# Stravinsky: The Flood - original broadcast?



## adriesba (Dec 30, 2019)

I looked up Stravinsky's work _The Flood_. Apparently it was originally aired on CBS as a musical drama. Can the original broadcast footage be seen? I've tried looking this up and can't find anything. Very perplexing.


----------



## elgar's ghost (Aug 8, 2010)

If CBS were anything like the BBC when it came to indiscriminately wiping and re-using old master tapes in the name of parsimony then there's a chance it no longer exists. Hope I'm wrong. The only suggestion I can make is if you contact CBS themselves and hope that someone from the archive dept. can be bothered to help you. Good luck.


----------



## adriesba (Dec 30, 2019)

elgars ghost said:


> If CBS were anything like the BBC when it came to indiscriminately wiping and re-using old master tapes in the name of parsimony then there's a chance it no longer exists. Hope I'm wrong. The only suggestion I can make is if you contact CBS themselves and hope that someone from the archive dept. can be bothered to help you. Good luck.

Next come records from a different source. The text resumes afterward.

Lemma continuity_pt_eps f t0 : continuity_pt f t0 ->
  forall eps, 0 < eps -> exists del, 0 < del /\
    forall s, Rabs (s - t0) < del -> Rabs (f s - f t0) < eps.
Proof.
  intros H eps He. destruct (H eps He) as [del [Hd Hs]]. exists del; split; [exact Hd|].
  intros s Hs'. destruct (Req_dec s t0) as [->|Hne].
  - rewrite Rminus_diag, Rabs_R0; exact He.
  - apply Hs. now split.
Qed.

(* Extending a path by its value at 0 to negative times turns right continuity at 0
   into continuity. *)
Lemma continuity_pt_clamp y t0 :
  right_continuous_at y 0 -> (forall t, 0 < t -> continuity_pt y t) -> 0 <= t0 ->
  continuity_pt (fun s => y (Rmax 0 s)) t0.
Proof.
  intros Hr Hc Ht0 eps He.
  destruct (Req_dec t0 0) as [->|Hne].
  - destruct (Hr eps He) as [del [Hd Hs]]. exists del; split; [exact Hd|].
    intros s [_ Hs']. simpl in *. unfold R_dist in *. rewrite (Rmax_right 0 0) by lra.
    apply Hs. revert Hs'. unfold Rmax. destruct (Rle_dec 0 s); split_Rabs; lra.
  - destruct (continuity_pt_eps _ _ (Hc t0 ltac:(lra)) eps He) as [del [Hd Hs]].
    exists (Rmin del t0); split; [apply Rmin_glb_lt; lra|].
    intros s [_ Hs']. simpl in *. unfold R_dist in *.
    pose proof (Rmin_l del t0); pose proof (Rmin_r del t0).
    rewrite !Rmax_right; [apply Hs|lra|]; revert Hs'; split_Rabs; lra.
Qed.

Lemma right_continuous_at_of_clamp f :
  continuity_pt (fun s => f (Rmax 0 s)) 0 -> right_continuous_at f 0.
Proof.
  intros H eps He. destruct (continuity_pt_eps _ _ H eps He) as [del [Hd Hs]].
  exists del; split; [exact Hd|]. intros s Hs'.
  specialize (Hs s). rewrite !Rmax_right in Hs by lra. apply Hs.
  rewrite Rminus_0_r, Rabs_right; lra.
Qed.

Lemma Rpower_1_l p : Rpower 1 p = 1.
Proof. unfold Rpower. rewrite ln_1, Rmult_0_r. apply exp_0. Qed.

Lemma bernoulli_Rpower a p : 0 < a -> 1 <= p -> 1 + p * (a - 1) <= Rpower a p.
Proof.
  intros Ha Hp.
  set (h := fun c => Rpower c p - p * c).
  set (h' := fun c => p * Rpower c (p - 1) - p * 1).
  assert (Dh : forall c, 0 < c -> derivable_pt_lim h c (h' c)).
  { intros c Hc. apply deriv_minus; [now apply derivable_pt_lim_power|].
    apply deriv_scal, derivable_pt_lim_id. }
  assert (Hh1 : h 1 = 1 - p) by (unfold h; rewrite Rpower_1_l; ring).
  enough (1 - p <= h a) by (unfold h in *; lra).
  destruct (Rtotal_order a 1) as [Hlt|[->|Hgt]]; [| lra |].
  - destruct (MVT_cor2 h h' a 1 Hlt) as [c [Hc [Hac Hc1]]]; [intros c Hc; apply Dh; lra|].
    pose proof (Rle_Rpower_l c 1 (p - 1) ltac:(lra) ltac:(lra)).
    rewrite Rpower_1_l in *.
    assert (h' c <= 0) by (unfold h'; nra). nra.
  - destruct (MVT_cor2 h h' 1 a Hgt) as [c [Hc [H1c Hca]]]; [intros c Hc; apply Dh; lra|].
    pose proof (Rle_Rpower_l 1 c (p - 1) ltac:(lra) ltac:(lra)).
    rewrite Rpower_1_l in *.
    assert (0 <= h' c) by (unfold h'; nra). nra.
Qed.

Lemma young_powR a p : 0 <= a -> 1 < p -> a <= powR a p / p + (p - 1) / p.
Proof.
  intros Ha Hp. unfold powR. destruct (Rlt_dec 0 a) as [Hpos|Hz].
  - pose proof (bernoulli_Rpower a p Hpos ltac:(lra)).
    apply Rmult_le_reg_l with p; [lra|].
    replace (p * (Rpower a p / p + (p - 1) / p)) with (Rpower a p + (p - 1)) by (field; lra).
    lra.
  - replace a with 0 by lra. replace (0 / p + (p - 1) / p) with ((p - 1) / p) by (field; lra).
    apply Rlt_le, Rdiv_lt_0_compat; lra.
Qed.

Lemma Rpower_pos x p : 0 < Rpower x p.
Proof. apply exp_pos. Qed.

Lemma young_Rpower_mult s w p q : 0 < s -> 0 <= w -> 1 < p ->
  Rpower s (- q) * w <= Rpower s (- (p * q)) * powR w p / p + (p - 1) / p.
Proof.
  intros Hs Hw Hp.
  replace (Rpower s (- (p * q)) * powR w p) with (powR (Rpower s (- q) * w) p).
  { apply young_powR; [|exact Hp]. apply Rmult_le_pos; [apply Rlt_le, Rpower_pos|exact Hw]. }
  unfold powR. destruct (Rlt_dec 0 w) as [Hw'|Hw'].
  - destruct (Rlt_dec 0 (Rpower s (- q) * w)) as [_|Hn].
    + rewrite <- Rpower_mult_distr, Rpower_mult by (apply Rpower_pos || exact Hw').
      f_equal; f_equal; ring.
    + exfalso. apply Hn, Rmult_lt_0_compat; [apply Rpower_pos|exact Hw'].
  - replace w with 0 by lra. rewrite Rmult_0_r.
    destruct (Rlt_dec 0 0); [lra|ring].
Qed.

Definition slope_dominated (gamma alpha A B : R) (f' : R -> R) : Prop :=
  forall s w, 0 < s -> 0 <= w ->
    Rabs (f' s) * w <= A * (Rpower s (- alpha) * powR w (2 * gamma)) + B.

Lemma slope_dominated_inv gamma : 1 / 2 < gamma ->
  slope_dominated gamma (2 * gamma) (/ (2 * gamma)) ((2 * gamma - 1) / (2 * gamma))
    (fun s => / s).
Proof.
  intros Hg s w Hs Hw. rewrite Rabs_right by (apply Rle_ge, Rlt_le, Rinv_0_lt_compat, Hs).
  pose proof (young_Rpower_mult s w (2 * gamma) 1 Hs Hw ltac:(lra)) as Hy.
  rewrite Rpower_Ropp, Rpower_1, Rmult_1_r in Hy by exact Hs.
  unfold Rdiv in Hy. lra.
Qed.

Lemma slope_dominated_power gamma alpha beta : 1 / 2 < gamma -> 0 < beta ->
  alpha = 2 * gamma * (beta + 1) ->
  slope_dominated gamma alpha (beta / (2 * gamma)) ((2 * gamma - 1) * beta / (2 * gamma))
    (fun s => - beta * Rpower s (- beta - 1)).
Proof.
  intros Hg Hb Ha s w Hs Hw.
  rewrite Rabs_mult, Rabs_left, Rabs_right by (lra || apply Rle_ge, Rlt_le, Rpower_pos).
  pose proof (young_Rpower_mult s w (2 * gamma) (beta + 1) Hs Hw ltac:(lra)) as Hy.
  rewrite <- Ha in Hy. replace (- beta - 1) with (- (beta + 1)) by ring.
  apply Rmult_le_compat_l with (r := beta) in Hy; [|lra].
  replace (beta / (2 * gamma) * (Rpower s (- alpha) * powR w (2 * gamma))
           + (2 * gamma - 1) * beta / (2 * gamma))
    with (beta * (Rpower s (- alpha) * powR w (2 * gamma) / (2 * gamma)
                  + (2 * gamma - 1) / (2 * gamma))) by (field; lra).
  lra.
Qed.

Lemma slope_dominated_le gamma alpha A B f' g' :
  (forall s, 0 < s -> Rabs (g' s) <= Rabs (f' s)) ->
  slope_dominated gamma alpha A B f' -> slope_dominated gamma alpha A B g'.
Proof.
  intros Hle Hf s w Hs Hw. eapply Rle_trans; [|apply Hf; assumption].
  apply Rmult_le_compat_r; auto.
Qed.

Lemma pair_sum_ext N F G :
  (forall i j, (i < N)%nat -> (j < N)%nat -> i <> j -> F i j = G i j) ->
  pair_sum N F = pair_sum N G.
Proof.
  intros H. apply fsum_ext; intros i Hi; apply fsum_ext; intros j Hj.
  destruct (Nat.eq_dec i j); auto.
Qed.

Lemma deriv_pair_sum N F D t :
  (forall i j, (i < N)%nat -> (j < N)%nat -> i <> j ->
     derivable_pt_lim (fun s => F s i j) t (D i j)) ->
  derivable_pt_lim (fun s => pair_sum N (F s)) t (pair_sum N D).
Proof.
  intros H. apply deriv_fsum; intros i Hi; apply deriv_fsum; intros j Hj.
  destruct (Nat.eq_dec i j); [apply deriv_const|auto].
Qed.

Lemma cont_pair_sum N F t :
  (forall i j, (i < N)%nat -> (j < N)%nat -> i <> j -> continuity_pt (fun s => F s i j) t) ->
  continuity_pt (fun s => pair_sum N (F s)) t.
Proof.
  intros H. apply cont_fsum; intros i Hi; apply cont_fsum; intros j Hj.
  destruct (Nat.eq_dec i j); [apply cont_const|auto].
Qed.

Definition cs_force (N d : nat) (delta alpha : R) (Gamma : Vec -> Vec) (X V : nat -> Vec)
    (i : nat) : Vec :=
  fun k => / INR N * fsum N (fun j => if Nat.eq_dec j i then 0 else
    psi_delta delta alpha (dist d (X i) (X j)) * Gamma (fun l => V j l - V i l) k).

Definition interaction_energy (N d : nat) (delta : R) (f : R -> R) (X : nat -> Vec) : R :=
  / (INR N * INR (N - 1)) * pair_sum N (fun i j => f (dist d (X i) (X j) - delta)).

I sent them a message. Hopefully they respond. Yes, I've heard bad things about how BBC archives things and hope CBS has done better. This would be a treasure if it still exists.


----------



## david johnson (Jun 25, 2007)

I recall seeing it when I was a child.


----------



## adriesba (Dec 30, 2019)

david johnson said:


> I recall seeing it when I was a child.


Wow, you are lucky! I don't have much confidence that it still exists. Do you remember what it was like?


----------